Prime Minister Chung Hong-won announces a road map for a target employment rate of 70 percent at the Government Complex building in central Seoul, Tuesday. / Korea Times photo by Kim Joo-young
By Kim Jae-won
The government plans to create 480,000 jobs every year for the next five years to reach its stated goal of achieving a 70 percent employment rate.
Prime Minister Chung Hong-won disclosed a roadmap, Tuesday, which showed job sharing was the key to this ambitious objective.
“We will create a total of 2.38 million jobs, or 476,000 per year, by 2017. To achieve this, we will cut working hours by 200,” Chung said at a news conference.
Korea’s annual working hours totaled 2,092 hours last year, much higher than the Organization for Economic Cooperation and Development (OECD) average of 1,776 in 2011.
If everything goes as scheduled, average working hours will go down to 1,900 before President Park Geun-hye’s term ends.
The Ministry of Employment and Labor said the projected annual rise in jobs would double the 200,000 to 300,000 annual increase recorded for the past few years.
“We are looking to add as many jobs as possible to increase the employment rate to 70 percent,” said Hong Kyeong-eui, a ministry official.
Park vowed to increase employment rate _ number of employed to population of economically active people aged between 15 and 64 _ to 70 percent from the current level of around 63 percent.
Hiring part-time civil servants and public school teachers is also to be pushed from next year, however, the ministry said that numbers had not been decided on yet.
The Ministry of Security and Administration is collecting data from government offices to see how many vacancies there are, and will announce the numbers later.
Boosting the services industry is another key way of creating jobs.
The current plan seeks to add 16.3 million jobs in the industry over the next five years, focused on health and social welfare, science and technology as well as publishing and the media.
The services sector is one of the most popular topics for economists at home and abroad.
The country needs to bolster its services industry, but some are skeptical, saying the Korean economy needs to grow 8 percent to stay on the roadmap.
Economic think tanks expect the country will see its gross domestic product (GDP) expand 2 to 3 percent this year.
“This is very difficult task to reach a 70 percent employment rate under the current economic structure.

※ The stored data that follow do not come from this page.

(* With P(EU) = e^-A, P(EV) = e^-B, P(EU & EV) = e^-(A+B-S), inclusion-exclusion gives
   P(~EV | ~EU) = (1 - P(EU) - P(EV) + P(EU & EV)) / (1 - P(EU)) in closed form. *)
Lemma condP_complement {EU EV : set T} {A B S : R} :
  measurable EU -> measurable EV -> 0 < A ->
  P EU = (expR (- A))%:E -> P EV = (expR (- B))%:E ->
  P (EU `&` EV) = (expR (- (A + B - S)))%:E ->
  condP P (~` EV) (~` EU) =
  (1 - expR (- B)) + expR (- A - B) * ((expR S - 1) / (1 - expR (- A))).
Proof.
move=> mU mV A0 pU pV pUV.
rewrite /condP -setCU !probability_setC //; last exact: measurableU.
rewrite measureUfinl //; last by rewrite -ge0_fin_numE // fin_num_measure.
rewrite pU setIC.
transitivity (fine (1 - ((expR (- B))%:E + (expR (- A))%:E - (expR (- (A + B - S)))%:E)) /
              fine (1 - (expR (- A))%:E)).
  by congr (fine (1 - (_ + _ - _)) / _); [exact: pV | exact: pU | exact: pUV].
rewrite /=.
have den0 : 1 - expR (- A) != 0.
  by rewrite subr_eq0 eq_sym lt_eqF // expR_lt1 oppr_lt0.
have -> : expR (- (A + B - S)) = expR (- A - B) * expR S.
  by rewrite -expRD; congr expR; ring.
by rewrite expRD; field.
Qed.

Lemma tail_dep_of_exponents {U V : T -> R} {A B S : R -> R} {L : R} :
  (\forall y \near +oo,
     [/\ measurable [set t | U t <= y], measurable [set t | V t <= y],
          P [set t | U t <= y] = (expR (- A y))%:E,
          P [set t | V t <= y] = (expR (- B y))%:E &
     [/\ P ([set t | U t <= y] `&` [set t | V t <= y]) = (expR (- (A y + B y - S y)))%:E,
          0 < A y & 0 <= S y]]) ->
  A @ +oo --> 0 -> B @ +oo --> 0 -> (fun y => S y / A y) @ +oo --> L ->
  tail_dep P V U L.
Proof.
move=> H A0 B0 SA.
have pos : \forall y \near +oo, 0 < A y /\ 0 <= S y.
  by near=> y; have /(_ _)[//|_ _ _ _ [_ ? ?]] := near H y.
rewrite /tail_dep; apply: (cvg_eventually_eq (exceedance_cvg pos A0 B0 SA)).
near=> y; have /(_ _)[//|mU mV pU pV [pUV A0y _]] := near H y.
by rewrite !exceed_setC (condP_complement mU mV A0y pU pV pUV).
Unshelve. all: by end_near. Qed.

End TailDependence.

Lemma nth_snd_index (I V : eqType) (x0 : V) (s : seq (I * V)) (p : I * V) :
  uniq (map fst s) -> p \in s -> nth x0 (map snd s) (index p.1 (map fst s)) = p.2.
Proof.
elim: s => [//|q s IH] /= /andP[qs us]; rewrite in_cons => /orP[/eqP->|ps].
  by rewrite eqxx.
case: eqP => [e|_]; last by rewrite /= IH.
by move: qs; rewrite e (map_f fst ps).
Qed.

Definition below {T : Type} {R : realType} {I : Type} (W : I -> T -> R)
  (s : seq (I * R)) : set T :=
  \big[setI/setT]_(p <- s) (W p.1 @^-1` `]-oo, p.2]).

Lemma below_cat {T : Type} {R : realType} {I : Type} (W : I -> T -> R)
  (s1 s2 : seq (I * R)) : below W (s1 ++ s2) = below W s1 `&` below W s2.
Proof. by rewrite /below big_cat. Qed.

Section FrechetProducts.
Context {d : measure_display} {T : measurableType d} {R : realType}.
Variable P : probability T R.

Lemma below_measurable {I : Type} (W : I -> T -> R) (s : seq (I * R)) :
  (forall i, measurable_fun setT (W i)) -> measurable (below W s).
Proof.
move=> mW; apply: (big_ind (fun A => measurable A)) => //.
  by move=> A B mA mB; apply: measurableI.
by move=> p _; rewrite -(setTI (_ @^-1` _)); apply: mW => //; exact: measurable_itv.
Qed.

Lemma below_frechet_prob (I : eqType) (W : I -> T -> R) (s : seq (I * R)) :
  mutually_independent P W -> (forall i, std_frechet P (W i)) ->
  uniq (map fst s) -> all (fun p => 0 < p.2) s ->
  P (below W s) = (expR (- \sum_(p <- s) p.2^-1))%:E.
Proof.
move=> [_ indep] frechet us pos.
pose c i := nth 0 (map snd s) (index i (map fst s)).
have cE p : p \in s -> c p.1 = p.2 by move=> ps; exact: nth_snd_index.
have -> : below W s = \big[setI/setT]_(i <- map fst s) (W i @^-1` `]-oo, c i]).
  by rewrite big_map; apply: eq_big_seq => p ps; rewrite cE.
rewrite (indep _ (fun i => [set` `]-oo, c i]]) us); last by move=> i; exact: measurable_itv.
rewrite -sumrN expR_sum -prodEFin big_map; apply: eq_big_seq => p ps.
by rewrite cE // frechet //; exact: (allP pos).
Qed.

End FrechetProducts.

(* Index set of the independent Frechet family of the theorem:
   inl (n, x) stands for Xh_n(x) and inr m for Z_(m+1); field_family is the
   family whose mutual independence the theorem assumes. *)
Definition field_index (R : realType) := ((nat * (R * R)) + nat)%type.

Definition field_family {T : Type} {R : realType} (Xh : nat -> R * R -> T -> R)
  (Z : nat -> T -> R) (i : field_index R) : T -> R :=
  match i with inl nx => Xh nx.1 nx.2 | inr m => Z m.+1 end.

Definition Y_bounds {R : realType} (alpha : R * R -> R) (n : nat) (x : R * R) (y : R) :
  seq (field_index R * R) :=
  [:: (inl (n, x), 3/2 * y); (inl (n.-1, x), 3 * y); (inr n.-1, y `^ alpha x)].

Definition Y_indices {R : realType} (n : nat) (x : R * R) : seq (field_index R) :=
  [:: inl (n, x); inl (n.-1, x); inr n.-1].

Lemma Y_bounds_indices {R : realType} (alpha : R * R -> R) n x (y : R) :
  map fst (Y_bounds alpha n x y) = Y_indices n x.
Proof. by []. Qed.

(* Reduce the distinctness of finitely many field indices to (in)equalities of
   times and sites. *)
Ltac simpl_index_uniq :=
  try rewrite /Y_indices;
  rewrite /= !inE -!sum_eqE /= !xpair_eqE !eqxx ?andbT ?andbF ?orbF /=.

(* For y >= 1 and a > 0, z^(1/a) <= y iff z <= y^a; for z < 0 both sides hold
   since z^(1/a) = 1 by convention. *)
Lemma powR_inv_le {R : realType} (z y a : R) : 1 <= y -> 0 < a ->
  (z `^ a^-1 <= y) = (z <= y `^ a).
Proof.
move=> y1 a0; have y0 : 0 < y by apply: lt_le_trans y1.
case: (ltgtP z 0) => [z0|z0|->].
- rewrite {1}/powR (lt_eqF z0) (ln0 (ltW z0)) mulr0 expR0 y1.
  by apply/esym; rewrite (le_trans (ltW z0)) // powR_ge0.
- apply/idP/idP => h.
    rewrite -[z](@powRr1 _ z (ltW z0)) -(mulVf (lt0r_neq0 a0)) powRrM.
    apply: ge0_ler_powR => //; first exact: ltW.
      by rewrite nnegrE powR_ge0.
    by rewrite nnegrE (le_trans (powR_ge0 _ _) h).
  rewrite -[y](@powRr1 _ y (ltW y0)) -(mulfV (lt0r_neq0 a0)) powRrM.
  apply: ge0_ler_powR => //; first by rewrite invr_ge0 ltW.
    by rewrite nnegrE ltW.
  by rewrite nnegrE powR_ge0.
- by rewrite powR0 ?invr_neq0 ?lt0r_neq0 // ltW // powR_ge0.
Qed.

The government needs to set up more long-term projects based on realistic plans,” said Lee Jun-hyup, an economist at Hyundai Research Institute.
Labor unions criticized the government over being obsessed with number of jobs rather than adding quality jobs for workers.
“The roadmap is based on enforcing flexibility of the labor market by creating more part-time jobs. The government is only interested in fulfilling the 70 percent of employment, not caring for the quality of jobs,” said the Korean Confederation of Trade Unions, an umbrella organization of progressive trade unions.